Mutually Assured Recession
Trump’s bilateral trade war with China was, and could still be, a road to mutually assured economic destruction. Trump’s campaign on China until Saturday amounted to an effective severing of trade relations between the world’s two largest economies. The damage to both sides would have been massive. Bilateral trade amounted to $585 billion last year, with Chinese exports to America accounting for 14.7% of China’s total exports and 13% of total US imports.
Trump’s eventual exemption for many Chinese electronic goods appears to be a recognition that US consumers and companies had a great deal to lose. 81% of smartphones imported into the US came from China last year, along with 61% of imported PCs and 78% of video monitors. Tariffs above 100% on these would have dramatically increased prices for American consumers and dealt a crushing blow to US tech companies like Apple, which has seen its share price plunge by more than 11% since 2 April and was forced to airlift more than 1.5 million iPhones to India to avoid the tariffs.
While these exemptions are a positive step, the US still remains deeply reliant on Chinese imports in other sectors. China is a dominant supplier of lithium-ion batteries to the US, accounting for 69% of US imports last year. China has also imposed retaliatory US export controls on rare earth elements essential in the production of many high-end clean energy technologies such as batteries, for which it controls around 90% of global supply. China’s stranglehold over these industries means that tariffs will still be catastrophic for US firms and consumers.
Beijing also has the power to inflict significant pain on US export sectors with its reciprocal tariffs. Despite the significant imbalance in bilateral trade, certain US industries need Chinese demand more than China needs US supply.

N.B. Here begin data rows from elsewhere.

(* Let $A_1,\dots,A_N$ be trace class self-adjoint operators on a (separable) Hilbert space $\mathcal H$ with $\mathrm{Tr}\,A_i=0$ for each $1\le i\le N$. Suppose that for every orthogonal projection $P$ on $\mathcal H$ the set $C_P(A_1,\dots,A_N)$ is convex. Then there exists an orthonormal basis $\{g_k\}$ of $\mathcal H$ such that $\langle g_k,A_ig_k\rangle=0$ for all $i=1,\dots,N$ and all $k$.
   Context: For bounded self-adjoint operators $A_1,\dots,A_N$ on $\mathcal H$ and an orthogonal projection $P$ on $\mathcal H$, $C_P(A_1,\dots,A_N)=\{(\langle z,A_1z\rangle,\dots,\langle z,A_Nz\rangle): z\in P\mathcal H,\ \|z\|=1\}\subset\mathbb R^N$, the joint numerical range restricted to $P\mathcal H$. *)

From mathcomp Require Import all_boot all_order all_algebra.
From mathcomp Require Import reals.
From mathcomp Require Import complex.
Set Implicit Arguments. Unset Strict Implicit. Unset Printing Implicit Defensive.
Import Order.TTheory GRing.Theory Num.Theory.
Local Open Scope ring_scope.

Section Hilbert.
Variable R : realType.
Local Notation C := R[i].
Variable V : lmodType C.
(* ip x y = <x, y>, conjugate-linear in x, linear in y (physics convention). *)
Variable ip : V -> V -> C.

Local Notation cRe := (@complex.Re R).
Local Notation cIm := (@complex.Im R).

Definition is_inner_product : Prop :=
  [/\ (forall x y z (a : C), ip x (a *: y + z) = a * ip x y + ip x z),
      (forall x y, ip y x = conjc (ip x y)),
      (forall x, 0 <= cRe (ip x x) /\ cIm (ip x x) = 0) &
      (forall x, ip x x = 0 -> x = 0)].

Definition cmod (z : C) : R := Num.sqrt (cRe z ^+ 2 + cIm z ^+ 2).

Definition hnorm (x : V) : R := Num.sqrt (cRe (ip x x)).

Definition vconv (u : nat -> V) (l : V) : Prop :=
  forall e : R, 0 < e -> exists N : nat, forall n, (N <= n)%N -> hnorm (u n - l) < e.

Definition cconv (u : nat -> C) (l : C) : Prop :=
  forall e : R, 0 < e -> exists N : nat, forall n, (N <= n)%N -> cmod (u n - l) < e.

Definition complete_space : Prop :=
  forall u : nat -> V,
    (forall e : R, 0 < e -> exists N : nat, forall m n, (N <= m)%N -> (N <= n)%N ->
       hnorm (u m - u n) < e) ->
    exists l, vconv u l.

Definition separable_space : Prop :=
  exists d : nat -> V, forall x (e : R), 0 < e -> exists n, hnorm (x - d n) < e.

Definition bounded_linear (A : V -> V) : Prop :=
  (forall (a : C) x y, A (a *: x + y) = a *: A x + A y) /\
  exists M : R, forall x, hnorm (A x) <= M * hnorm x.

Definition self_adjoint (A : V -> V) : Prop :=
  bounded_linear A /\ forall x y, ip (A x) y = ip x (A y).

Definition orth_projection (P : V -> V) : Prop :=
  self_adjoint P /\ forall x, P (P x) = P x.

(* A is trace class (nuclear) with trace t:
   A z = sum_n <y_n, z> x_n with sum_n ||x_n|| ||y_n|| < oo,
   and Tr A = sum_n <y_n, x_n>. *)
Definition trace_class_with_trace (A : V -> V) (t : C) : Prop :=
  exists x y : nat -> V,
    (exists M : R, forall n, \sum_(k < n) hnorm (x k) * hnorm (y k) <= M) /\
    (forall z, vconv (fun n => \sum_(k < n) ip (y k) z *: x k) (A z)) /\
    cconv (fun n => \sum_(k < n) ip (y k) (x k)) t.

Definition joint_num_range (N : nat) (A : 'I_N -> V -> V) (P : V -> V) (w : 'rV[R]_N) : Prop :=
  exists z : V, P z = z /\ hnorm z = 1 /\ forall i, w 0 i = cRe (ip z (A i z)).

Definition convex_set (N : nat) (S : 'rV[R]_N -> Prop) : Prop :=
  forall u v (t : R), S u -> S v -> 0 <= t -> t <= 1 -> S (t *: u + (1 - t) *: v).

(* orthonormal basis = maximal orthonormal set *)
Definition orthonormal_basis (B : V -> Prop) : Prop :=
  [/\ (forall u, B u -> ip u u = 1),
      (forall u v, B u -> B v -> u <> v -> ip u v = 0) &
      (forall x, (forall u, B u -> ip u x = 0) -> x = 0)].

End Hilbert.

From mathcomp Require Import all_boot all_order all_algebra.
From mathcomp Require Import reals complex.
From mathcomp Require Import classical_sets boolp.
From mathcomp Require Import ring lra.
Import Order.TTheory GRing.Theory Num.Theory.
Local Open Scope ring_scope.
Set Implicit Arguments. Unset Strict Implicit. Unset Printing Implicit Defensive.
Local Open Scope complex_scope.

(* By Zorn's lemma, take a maximal orthonormal family B of vectors g with
   <g, A_i g> = 0 for all i.  If B were not a basis, the set K of points
   (Re <z, A_i z>)_i, for unit vectors z orthogonal to B, would be nonempty;
   it is convex, since any two such z lie in the range of a finite-rank
   projection onto a subspace of B^perp.  A linear functional l that is
   nonnegative on K vanishes on K: after completing B + z to an orthonormal
   basis, l(z) is bounded by l applied to the partial traces of the A_i over
   large finite parts of the basis, and these tend to Tr A_i = 0 (Parseval and
   the nuclear representation of A_i).  By finite-dimensional separation 0
   lies in K, i.e. some unit vector orthogonal to B is isotropic for all A_i,
   contradicting maximality. *)

Lemma sup_between (R : realType) (S T : set R) :
  (exists s, S s) -> (exists t, T t) -> (forall s t, S s -> T t -> s <= t) ->
  exists c, (forall s, S s -> s <= c) /\ (forall t, T t -> c <= t).
Proof.
move=> [s0 Ss0] [t0 Tt0] ST.
have hsS : has_sup S by split; [exists s0 | exists t0 => s Ss; apply: ST].
exists (sup S); split => [s Ss|t Tt]; first exact: sup_upper_bound.
by apply: ge_sup; [exists s0 | move=> s Ss; apply: ST].
Qed.

Definition inv_succ {R : numFieldType} (m : nat) : R := (m.+1%:R)^-1.

Lemma inv_succ_gt0 (R : numFieldType) m : 0 < inv_succ m :> R.
Proof. by rewrite invr_gt0 ltr0Sn. Qed.

Lemma exists_inv_succ_lt (R : archiRealFieldType) (e : R) : 0 < e ->
  exists N, forall m, (N <= m)%N -> inv_succ m < e.
Proof.
move=> e0; exists (Num.Def.archi_bound e^-1) => m Nm.
rewrite -(invrK e) ltf_pV2 ?posrE ?invr_gt0 ?ltr0n //.
have e_inv_ge0 : 0 <= e^-1 by rewrite invr_ge0 ltW.
by apply: lt_le_trans (archi_boundP e_inv_ge0) _; rewrite ler_nat ltnW.
Qed.

Lemma ler_mul_divD1 (R : numFieldType) (a e : R) : 0 <= a -> 0 < e -> a * (e / (a + 1)) <= e.
Proof.
move=> a_ge0 e_gt0; rewrite mulrA ler_pdivrMr ?ltr_wpDl // mulrC.
by apply: ler_wpM2l; [exact: ltW | rewrite lerDl ler01].
Qed.

Lemma bounded_partial_sums_tail (R : realType) (a : nat -> R) (M : R) :
  (forall n, \sum_(0 <= k < n) a k <= M) ->
  forall e, 0 < e -> exists K, forall n, (K <= n)%N -> \sum_(K <= k < n) a k < e.
Proof.
move=> aM e e0; pose P : set R := fun r => exists n, r = \sum_(0 <= k < n) a k.
have P_sup : has_sup P by split; [exists (\sum_(0 <= k < 0) a k), 0%N | exists M => _ [n ->]].
have [_ [K ->] PK] := sup_adherent e0 P_sup.
exists K => n Kn; have : \sum_(0 <= k < n) a k <= sup P by apply: sup_upper_bound; last exists n.
rewrite (big_cat_nat (leq0n K) Kn) /=.
lra.
Qed.

Section ConvexSeparation.
Variable R : realType.

Definition convex_pred n (K : ('I_n -> R) -> Prop) :=
  forall u v t, K u -> K v -> 0 <= t -> t <= 1 -> K (fun i => t * u i + (1 - t) * v i).

Definition dotf n (l u : 'I_n -> R) := \sum_i l i * u i.

Lemma dotf_comb n (l u v : 'I_n -> R) t :
  dotf l (fun i => t * u i + (1 - t) * v i) = t * dotf l u + (1 - t) * dotf l v.
Proof. by rewrite /dotf !mulr_sumr -big_split /=; apply: eq_bigr => i _; ring. Qed.

Lemma dotf0 n (l : 'I_n -> R) : dotf l (fun _ => 0) = 0.
Proof. by rewrite /dotf big1 // => i _; rewrite mulr0. Qed.

Lemma dotf_delta n (j : 'I_n) c u : dotf (fun i => c * (i == j)%:R) u = c * u j.
Proof.
rewrite /dotf (bigD1 j) //= eqxx mulr1 big1 ?addr0 // => i /negbTE ->.
by rewrite mulr0 mul0r.
Qed.

Lemma dotf_split n (j : 'I_n.+1) (l u : 'I_n.+1 -> R) :
  dotf l u = l j * u j + dotf (l \o lift j) (u \o lift j).
Proof. by rewrite /dotf (bigD1_ord j). Qed.

Definition extend_at n (j : 'I_n.+1) (f : 'I_n -> R) (t : R) : 'I_n.+1 -> R :=
  fun i => if unlift j i is Some k then f k else t.

Lemma extend_at_id n (j : 'I_n.+1) f t : extend_at j f t j = t.
Proof. by rewrite /extend_at unlift_none. Qed.

Lemma extend_at_liftE n (j : 'I_n.+1) f t k : extend_at j f t (lift j k) = f k.
Proof. by rewrite /extend_at liftK. Qed.

Lemma extend_at_lift n (j : 'I_n.+1) f t : extend_at j f t \o lift j = f.
Proof. by apply: funext => k /=; rewrite extend_at_liftE. Qed.

Lemma extend_at0 n (j : 'I_n.+1) : extend_at j (fun _ => 0) 0 = fun _ => 0.
Proof. by apply: funext => i; rewrite /extend_at; case: (unlift j i). Qed.

Lemma extend_atK n (j : 'I_n.+1) (u : 'I_n.+1 -> R) : extend_at j (u \o lift j) (u j) = u.
Proof. by apply: funext => i; rewrite /extend_at; case: unliftP => [k ->|->]. Qed.

Section Slice.
Variables (n : nat) (j : 'I_n.+1) (K : ('I_n.+1 -> R) -> Prop).
Hypothesis convexK : convex_pred K.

This is especially acute in the US soybean industry, which was worth $124 billion in 2023 and employed more than 220,000 people. China accounted for 52% of total demand for US soybeans in 2024, while the US accounted for only 21% of their total soybean imports after Chinese importers moved to buying Brazilian produce instead.
A Weakened Hand
Trump should not be called a “pragmatist” for partially binning what was clearly a deeply flawed economic policy. In making absurd threats and then backing down on them, the president has supercharged domestic and international policy uncertainty and shredded his own credibility, without extracting any new concessions in the process.
While his deputies will claim that the tariffs were a strategic threat to extract concessions from trade partners, no concrete agreements have been announced. That their sudden pause caught his own team off guard also suggests that there was no central game plan, making it implausible that this was all some elaborate negotiating trick. It seems much more likely that Trump saw the worsening market sentiment and got cold feet. The tough guy negotiating approach on tariffs depends on the perception that he is willing to bear the economic pain that they will entail. It is now clear that he is not.
It is notable that the S&P 500 and Nasdaq are still down around 5% on pre-Liberation Day levels, suggesting that the status quo is both more protectionist and more uncertain than markets had originally expected. Investors and businesses remain deeply uneasy about Trump’s erratic and arbitrary policymaking. As we’ve written before, businesses can grit and bear high tariffs, but macro-level policy uncertainty is an investment killer. While ditching the tariffs was clearly necessary to stave off immediate market panic, the administration’s departure from a consistent policy agenda in doing so will only deepen this uncertainty.